→ **What this task involves**: Write out all of the data again, exactly as it reads.
◇ ◇ ◇ ◇
(* Let $k\ge 2$, $n=2^k$, and run Jakobsson's pebble-update procedure for $n/2$ steps. Then the only pebble discarded during these $n/2$ steps is the pebble with initial label $k-1$ (initially at position $n/2$); in particular the pebble with initial label $k$ (at the seed position $n$) and all pebbles with initial labels $j\le k-2$ are not discarded.
   Context: Jakobsson's pebble-update procedure (hash-chain preimage traversal). Fix $k\ge 1$ and $n=2^k$. There are $k$ pebbles, identified by their initial label $j\in\{1,\dots,k\}$. Pebble $j$ has two fixed constants $S_j=3\cdot 2^j$ (start increment) and $D_j=2^{j+1}$ (destination increment), and two integer fields $\mathrm{Position}$ and $\mathrm{Destination}$ (which may be set to $+\infty$). Initially $\mathrm{Position}=\mathrm{Destination}=2^j$ for pebble $j$, and a counter $c$ equals $0$. The pebbles are kept sorted by $\mathrm{Position}$, and ''the first pebble'' means the pebble with the smallest $\mathrm{Position}$. One step: (i) if $c=n$, stop; otherwise $c\leftarrow c+1$; (ii) for every pebble with $\mathrm{Position}\ne\mathrm{Destination}$, set $\mathrm{Position}\leftarrow\mathrm{Position}-2$; (iii) if $c$ is even, the first pebble (say with initial label $j$) makes a backward move: $\mathrm{Position}\leftarrow \mathrm{Position}+S_j$, $\mathrm{Destination}\leftarrow\mathrm{Destination}+D_j$; if the new Destination exceeds $n$, both fields are set to $+\infty$ and the pebble is said to be discarded; then the pebbles are re-sorted by $\mathrm{Position}$. (Each pebble also stores a hash-chain value, which does not influence the evolution of the Position and Destination fields.) *)

From Stdlib Require Import ZArith List Arith Lia.
Import ListNotations.
Open Scope Z_scope.

Inductive ext := Fin (z : Z) | Inf.

Definition ext_eqb (a b : ext) : bool :=
  match a, b with
  | Fin x, Fin y => Z.eqb x y
  | Inf, Inf => true
  | _, _ => false
  end.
◇ ◇ ◇ ◇
→ **Solution below**:
(* Let $k\ge 2$, $n=2^k$, and run Jakobsson's pebble-update procedure for $n/2$ steps. Then the only pebble discarded during these $n/2$ steps is the pebble with initial label $k-1$ (initially at position $n/2$); in particular the pebble with initial label $k$ (at the seed position $n$) and all pebbles with initial labels $j\le k-2$ are not discarded.
   Context: Jakobsson's pebble-update procedure (hash-chain preimage traversal). Fix $k\ge 1$ and $n=2^k$. There are $k$ pebbles, identified by their initial label $j\in\{1,\dots,k\}$. Pebble $j$ has two fixed constants $S_j=3\cdot 2^j$ (start increment) and $D_j=2^{j+1}$ (destination increment), and two integer fields $\mathrm{Position}$ and $\mathrm{Destination}$ (which may be set to $+\infty$). Initially $\mathrm{Position}=\mathrm{Destination}=2^j$ for pebble $j$, and a counter $c$ equals $0$. The pebbles are kept sorted by $\mathrm{Position}$, and ''the first pebble'' means the pebble with the smallest $\mathrm{Position}$. One step: (i) if $c=n$, stop; otherwise $c\leftarrow c+1$; (ii) for every pebble with $\mathrm{Position}\ne\mathrm{Destination}$, set $\mathrm{Position}\leftarrow\mathrm{Position}-2$; (iii) if $c$ is even, the first pebble (say with initial label $j$) makes a backward move: $\mathrm{Position}\leftarrow \mathrm{Position}+S_j$, $\mathrm{Destination}\leftarrow\mathrm{Destination}+D_j$; if the new Destination exceeds $n$, both fields are set to $+\infty$ and the pebble is said to be discarded; then the pebbles are re-sorted by $\mathrm{Position}$. (Each pebble also stores a hash-chain value, which does not influence the evolution of the Position and Destination fields.) *)

From Stdlib Require Import ZArith List Arith Lia.
Import ListNotations.
Open Scope Z_scope.

Inductive ext := Fin (z : Z) | Inf.

Definition ext_eqb (a b : ext) : bool :=
  match a, b with
  | Fin x, Fin y => Z.eqb x y
  | Inf, Inf => true
  | _, _ => false
  end.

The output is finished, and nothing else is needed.